# Requirement:
Each line of the data below from the one holding "flat k (m1 + m2 - 1)" to the one holding "Lemma flat_poly_comp k", inclusive, is to be reproduced exactly; no other line belongs in the answer.
═════ Data extract
Lemma cont2_poly_comp a G x y : is_poly a -> cont2_at G x y -> cont2_at (fun u v => a (G u v)) x y.
Proof.
  intros Pa CG eps Heps. destruct (poly_continuous a (G x y) Pa eps Heps) as [d [Hd Ha]].
  destruct (CG d Hd) as [d' [Hd' HG]]. exists d'. split; [exact Hd' |].
  intros x' y' Hx Hy. apply Ha, HG; auto.
Qed.

Lemma lim_inside_of_cont2 S g x0 y0 : cont2_at g x0 y0 -> g x0 y0 = 0 -> lim_inside S g x0 y0 0.
Proof.
  intros C V eps Heps. destruct (C eps Heps) as [d [Hd Hg]]. exists d. split; auto.
  intros. rewrite <- V. apply Hg; auto.
Qed.

Lemma locally_of_radius (x d : R) (P : R -> Prop) :
  0 < d -> (forall t, Rabs (t - x) < d -> P t) -> locally x P.
Proof. intros Hd H. exists (mkposreal d Hd). intros y Hy. apply H, Hy. Qed.

Lemma locally_in_ball c d x : Rabs (x - c) < d -> locally x (fun t => Rabs (t - c) < d).
Proof.
  intros Hx. apply (locally_of_radius x (d - Rabs (x - c))); [lra |].
  intros t Ht. replace (t - c) with ((t - x) + (x - c)) by ring.
  pose proof (Rabs_triang (t - x) (x - c)). lra.
Qed.

Definition inbox (x0 y0 e x y : R) : Prop := Rabs (x - x0) < e /\ Rabs (y - y0) < e.

Section FlatOnBox.

Variables x0 y0 e : R.
Hypothesis He : 0 < e.

(* [flat k m g]: on the box of radius e about (x0, y0), the partial derivatives of g
   up to order k exist and are continuous, and those of order < m vanish at (x0, y0). *)
Fixpoint flat (k m : nat) (g : R -> R -> R) : Prop :=
  (forall x y, inbox x0 y0 e x y -> cont2_at g x y) /\ ((1 <= m)%nat -> g x0 y0 = 0) /\
  match k with
  | O => True
  | S k' =>
      (forall x y, inbox x0 y0 e x y ->
         ex_derive (fun s => g s y) x /\ ex_derive (fun s => g x s) y)
      /\ flat k' (m - 1) (Defs.d1 g) /\ flat k' (m - 1) (Defs.d2 g)
  end.

Lemma inbox_center : inbox x0 y0 e x0 y0.
Proof. split; rewrite Rminus_eq_0, Rabs_R0; exact He. Qed.

Lemma inbox_locally_fst x y : inbox x0 y0 e x y -> locally x (fun s => inbox x0 y0 e s y).
Proof.
  intros [Hx Hy]. apply (filter_imp (fun s => Rabs (s - x0) < e)); [split; auto |].
  apply locally_in_ball, Hx.
Qed.

Lemma inbox_locally_snd x y : inbox x0 y0 e x y -> locally y (fun s => inbox x0 y0 e x s).
Proof.
  intros [Hx Hy]. apply (filter_imp (fun s => Rabs (s - y0) < e)); [split; auto |].
  apply locally_in_ball, Hy.
Qed.

Section BoxExtensionality.

Variables g g' : R -> R -> R.
Hypothesis Egg' : forall x y, inbox x0 y0 e x y -> g x y = g' x y.

Lemma cont2_ext_box x y : inbox x0 y0 e x y -> cont2_at g x y -> cont2_at g' x y.
Proof.
  intros [Bx By] C eps Heps. destruct (C eps Heps) as [d [Hd Hg]].
  set (d' := Rmin d (Rmin (e - Rabs (x - x0)) (e - Rabs (y - y0)))).
  assert (Hd' : 0 < d') by (apply Rmin_glb_lt; [| apply Rmin_glb_lt]; lra).
  pose proof (Rmin_l d (Rmin (e - Rabs (x - x0)) (e - Rabs (y - y0)))).
  pose proof (Rmin_r d (Rmin (e - Rabs (x - x0)) (e - Rabs (y - y0)))).
  pose proof (Rmin_l (e - Rabs (x - x0)) (e - Rabs (y - y0))).
  pose proof (Rmin_r (e - Rabs (x - x0)) (e - Rabs (y - y0))).
  exists d'. split; auto. intros x' y' Hx Hy.
  pose proof (Rabs_triang (x' - x) (x - x0)). pose proof (Rabs_triang (y' - y) (y - y0)).
  rewrite <- !Egg'; [apply Hg; unfold d' in *; lra | split; auto |].
  split.
  - replace (x' - x0) with ((x' - x) + (x - x0)) by ring. unfold d' in *; lra.
  - replace (y' - y0) with ((y' - y) + (y - y0)) by ring. unfold d' in *; lra.
Qed.

Lemma d1_ext_box x y : inbox x0 y0 e x y -> Defs.d1 g x y = Defs.d1 g' x y.
Proof.
  intros B. apply Derive_ext_loc, (filter_imp _ _ (fun s => Egg' s y)), inbox_locally_fst, B.
Qed.

Lemma d2_ext_box x y : inbox x0 y0 e x y -> Defs.d2 g x y = Defs.d2 g' x y.
Proof.
  intros B. apply Derive_ext_loc, (filter_imp _ _ (fun s => Egg' x s)), inbox_locally_snd, B.
Qed.

End BoxExtensionality.

Lemma flat_ext k : forall m g g', (forall x y, inbox x0 y0 e x y -> g x y = g' x y) ->
  flat k m g -> flat k m g'.
Proof.
  induction k as [|k IH]; intros m g g' E [Cg [Vg Fg]].
  - split; [intros; apply (cont2_ext_box g); auto |]. split; auto.
    intros; rewrite <- E; [auto | apply inbox_center].
  - destruct Fg as [Dg [F1 F2]].
    split; [intros; apply (cont2_ext_box g); auto |].
    split; [intros; rewrite <- E; [auto | apply inbox_center] |].
    split; [| split].
    + intros x y B. destruct (Dg x y B) as [Dx Dy]. split.
      * apply (ex_derive_ext_loc (fun s => g s y)); auto.
        apply (filter_imp _ _ (fun s => E s y)), inbox_locally_fst, B.
      * apply (ex_derive_ext_loc (fun s => g x s)); auto.
        apply (filter_imp _ _ (fun s => E x s)), inbox_locally_snd, B.
    + apply (IH _ (Defs.d1 g)); auto. intros; apply d1_ext_box; auto.
    + apply (IH _ (Defs.d2 g)); auto. intros; apply d2_ext_box; auto.
Qed.

Lemma flat_weaken k : forall m m' g, (m' <= m)%nat -> flat k m g -> flat k m' g.
Proof.
  induction k as [|k IH]; intros m m' g Hm [Cg [Vg Fg]].
  - split; auto. split; auto. intros; apply Vg; lia.
  - destruct Fg as [Dg [F1 F2]]. split; auto. split; [intros; apply Vg; lia |].
    split; auto. split; apply (IH (m - 1)%nat); auto; lia.
Qed.

Lemma flat_pred_smoothness k : forall m g, flat (S k) m g -> flat k m g.
Proof.
  induction k as [|k IH]; intros m g [Cg [Vg [Dg [F1 F2]]]].
  - split; auto.
  - do 3 (split; [assumption |]). split; apply IH; assumption.
Qed.

Lemma flat_const k : forall m c, ((1 <= m)%nat -> c = 0) -> flat k m (fun _ _ => c).
Proof.
  induction k as [|k IH]; intros m c Hc.
  - split; [intros; apply cont2_const | split; auto].
  - split; [intros; apply cont2_const | split; auto]. split.
    + intros; split; apply ex_derive_const.
    + split; apply (flat_ext k (m - 1)%nat (fun _ _ => 0)); auto;
        intros; unfold Defs.d1, Defs.d2; rewrite Derive_const; auto.
Qed.

Lemma flat_plus k : forall m g h, flat k m g -> flat k m h -> flat k m (fun a b => g a b + h a b).
Proof.
  induction k as [|k IH]; intros m g h [Cg [Vg Fg]] [Ch [Vh Fh]].
  - split; [intros; apply cont2_plus; auto |]. split; auto. intros; rewrite Vg, Vh; auto; ring.
  - destruct Fg as [Dg [Fg1 Fg2]]. destruct Fh as [Dh [Fh1 Fh2]].
    split; [intros; apply cont2_plus; auto |].
    split; [intros; rewrite Vg, Vh; auto; ring |].
    split; [| split].
    + intros x y B. destruct (Dg x y B), (Dh x y B). split; apply ex_derive_Rplus; auto.
    + apply (flat_ext k (m - 1)%nat (fun a b => Defs.d1 g a b + Defs.d1 h a b)); auto.
      intros x y B. destruct (Dg x y B), (Dh x y B). unfold Defs.d1. rewrite Derive_plus; auto.
    + apply (flat_ext k (m - 1)%nat (fun a b => Defs.d2 g a b + Defs.d2 h a b)); auto.
      intros x y B. destruct (Dg x y B), (Dh x y B). unfold Defs.d2. rewrite Derive_plus; auto.
Qed.

Lemma flat_mult k : forall m1 m2 g h, flat k m1 g -> flat k m2 h ->
  flat k (m1 + m2) (fun a b => g a b * h a b).
Proof.
  induction k as [|k IH]; intros m1 m2 g h Hg Hh.
  - destruct Hg as [Cg [Vg _]], Hh as [Ch [Vh _]].
    split; [intros; apply cont2_mult; auto |]. split; auto.
    intros. destruct m1; [rewrite Vh by lia | rewrite Vg by lia]; ring.
  - pose proof (flat_pred_smoothness k m1 g Hg) as Hg0.
    pose proof (flat_pred_smoothness k m2 h Hh) as Hh0.
    destruct Hg as [Cg [Vg [Dg [Fg1 Fg2]]]], Hh as [Ch [Vh [Dh [Fh1 Fh2]]]].
    assert (Leibniz : forall g' h', flat k (m1 - 1) g' -> flat k (m2 - 1) h' ->
      flat k (m1 + m2 - 1) (fun a b => g' a b * h a b + g a b * h' a b)).
    { intros g' h' Hg' Hh'. apply flat_plus.
      - apply (flat_weaken k (m1 - 1 + m2)); [lia | apply IH; auto].
      - apply (flat_weaken k (m1 + (m2 - 1))); [lia | apply IH; auto]. }
    split; [intros; apply cont2_mult; auto |].
    split; [intros; destruct m1; [rewrite Vh by lia | rewrite Vg by lia]; ring |].
    split; [| split].
    + intros x y B. destruct (Dg x y B), (Dh x y B). split; apply ex_derive_mult; auto.
    + apply (flat_ext k _ (fun a b => Defs.d1 g a b * h a b + g a b * Defs.d1 h a b)); auto.
      intros x y B. destruct (Dg x y B), (Dh x y B). unfold Defs.d1. rewrite Derive_mult; auto.
    + apply (flat_ext k _ (fun a b => Defs.d2 g a b * h a b + g a b * Defs.d2 h a b)); auto.
      intros x y B. destruct (Dg x y B), (Dh x y B). unfold Defs.d2. rewrite Derive_mult; auto.
Qed.

Lemma flat_poly_comp k : forall m a G, is_poly a -> zero_of_order m a (G x0 y0) ->
  flat k 0 G -> flat k m (fun u v => a (G u v)).
Proof.
  induction k as [|k IH]; intros m a G Pa Za HG.
  - destruct HG as [CG _]. split; [intros; apply cont2_poly_comp; auto |]. split; auto.
    intros. destruct m; [lia | apply Za].
  - pose proof (flat_pred_smoothness k 0 G HG) as HG0.
    destruct HG as [CG [_ [DG [FG1 FG2]]]].
    assert (Za' : zero_of_order (m - 1) (Derive a) (G x0 y0)).
    { destruct m; simpl in *; [auto | replace (m - 0)%nat with m by lia; tauto]. }
    assert (Chain : forall G', flat k 0 G' ->
      flat k (m - 1) (fun u v => Derive a (G u v) * G' u v)).
    { intros G' HG'. replace (m - 1)%nat with (m - 1 + 0)%nat by lia.
      apply flat_mult; auto. apply IH; auto. apply poly_Derive, Pa. }
    split; [intros; apply cont2_poly_comp; auto |].
    split; [intros; destruct m; [lia | apply Za] |].
    split; [| split].
    + intros x y B. destruct (DG x y B).
      split; apply ex_derive_comp; auto; apply poly_ex_derive, Pa.
    + apply (flat_ext k _ (fun u v => Derive a (G u v) * Defs.d1 G u v)); auto.
      intros x y B. destruct (DG x y B). unfold Defs.d1.
      rewrite (Derive_comp a (fun s => G s y) x); [ring | apply poly_ex_derive, Pa | auto].
    + apply (flat_ext k _ (fun u v => Derive a (G u v) * Defs.d2 G u v)); auto.
      intros x y B. destruct (DG x y B). unfold Defs.d2.
      rewrite (Derive_comp a (fun s => G x s) y); [ring | apply poly_ex_derive, Pa | auto].
Qed.

Lemma flat_fst k : flat k 0 (fun a _ => a).
Proof.
  destruct k as [|k].
  - split; [intros; apply cont2_fst | split; [intros; lia | auto]].
  - split; [intros; apply cont2_fst | split; [intros; lia |]]. split.
    + intros; split; [apply ex_derive_id | apply ex_derive_const].
    + split.
      * apply (flat_ext k 0 (fun _ _ => 1)); [| apply flat_const; intros; lia].
        intros; unfold Defs.d1; rewrite Derive_id; auto.
      * apply (flat_ext k 0 (fun _ _ => 0)); [| apply flat_const; auto].
        intros; unfold Defs.d2; rewrite Derive_const; auto.
Qed.

Lemma flat_snd k : flat k 0 (fun _ b => b).
Proof.
  destruct k as [|k].
  - split; [intros; apply cont2_snd | split; [intros; lia | auto]].
  - split; [intros; apply cont2_snd | split; [intros; lia |]]. split.
    + intros; split; [apply ex_derive_const | apply ex_derive_id].
    + split.
      * apply (flat_ext k 0 (fun _ _ => 0)); [| apply flat_const; auto].
        intros; unfold Defs.d1; rewrite Derive_const; auto.
      * apply (flat_ext k 0 (fun _ _ => 1)); [| apply flat_const; intros; lia].
        intros; unfold Defs.d2; rewrite Derive_id; auto.
Qed.

Lemma flat_of_C2_on V G : (forall x y, inbox x0 y0 e x y -> V x y) -> C2_on V G -> flat 2 0 G.
Proof.
  intros HV HC. simpl.
  repeat split; intros; try lia;
    destruct (HC x y (HV x y ltac:(auto))) as [? [? [? [? [? [? [? [? [? [? [? [? ?]]]]]]]]]]]];
    auto.
Qed.

Lemma vanish2_inside_of_flat S g : flat 2 3 g -> vanish2_inside S g x0 y0.
Proof.
  intros [Cg [Vg [Dg [F1 F2]]]].
  destruct F1 as [C1 [V1 [D1 [[C11 [V11 _]] [C12 [V12 _]]]]]].
  destruct F2 as [C2 [V2 [D2 [[C21 [V21 _]] [C22 [V22 _]]]]]].
  split.
  - exists e. split; auto. intros u v _ Hu Hv.
    destruct (Dg u v (conj Hu Hv)), (D1 u v (conj Hu Hv)), (D2 u v (conj Hu Hv)).
    repeat split; auto.
  - pose proof inbox_center.
    repeat split; apply lim_inside_of_cont2; auto;
      match goal with V : (_ <= _)%nat -> ?G |- ?G => apply V; lia end.
Qed.

End FlatOnBox.

(** * The Cox-de Boor recursion near the ends of the knot vector *)

Lemma frac_eq_mult a b : frac a b = a * frac 1 b.
Proof. unfold frac. destruct (Req_EM_T b 0); [ring | field; auto]. Qed.

Lemma cdb_O t fi la i x : cdb t fi la 0 i x =
  if Rlt_dec (t i) (t (S i)) then
    (if andb (if Nat.eq_dec i fi then true else if Rle_dec (t i) x then true else false)
             (if Nat.eq_dec i la then true else if Rlt_dec x (t (S i)) then true else false)
     then 1 else 0) else 0.
Proof. reflexivity. Qed.

Lemma cdb_S t fi la q i x : cdb t fi la (S q) i x =
  frac (x - t i) (t (i + S q)%nat - t i) * cdb t fi la q i x
  + frac (t (i + S q + 1)%nat - x) (t (i + S q + 1)%nat - t (S i)) * cdb t fi la q (S i) x.
Proof. reflexivity. Qed.

Section CoxDeBoorLeftEnd.

Variables (t : nat -> R) (fi la : nat) (h : R).
Hypothesis Hh : 0 < h.
Hypothesis Hfirst : forall k, (k <= fi)%nat -> t k = 0.
Hypothesis Hnext : t (S fi) = h.
Hypothesis Hinterior : forall k, (fi < k)%nat -> h <= t k.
══════════
# Final answer:
      flat k (m1 + m2 - 1) (fun a b => g' a b * h a b + g a b * h' a b)).
    { intros g' h' Hg' Hh'. apply flat_plus.
      - apply (flat_weaken k (m1 - 1 + m2)); [lia | apply IH; auto].
      - apply (flat_weaken k (m1 + (m2 - 1))); [lia | apply IH; auto]. }
    split; [intros; apply cont2_mult; auto |].
    split; [intros; destruct m1; [rewrite Vh by lia | rewrite Vg by lia]; ring |].
    split; [| split].
    + intros x y B. destruct (Dg x y B), (Dh x y B). split; apply ex_derive_mult; auto.
    + apply (flat_ext k _ (fun a b => Defs.d1 g a b * h a b + g a b * Defs.d1 h a b)); auto.
      intros x y B. destruct (Dg x y B), (Dh x y B). unfold Defs.d1. rewrite Derive_mult; auto.
    + apply (flat_ext k _ (fun a b => Defs.d2 g a b * h a b + g a b * Defs.d2 h a b)); auto.
      intros x y B. destruct (Dg x y B), (Dh x y B). unfold Defs.d2. rewrite Derive_mult; auto.
Qed.

Lemma flat_poly_comp k : forall m a G, is_poly a -> zero_of_order m a (G x0 y0) ->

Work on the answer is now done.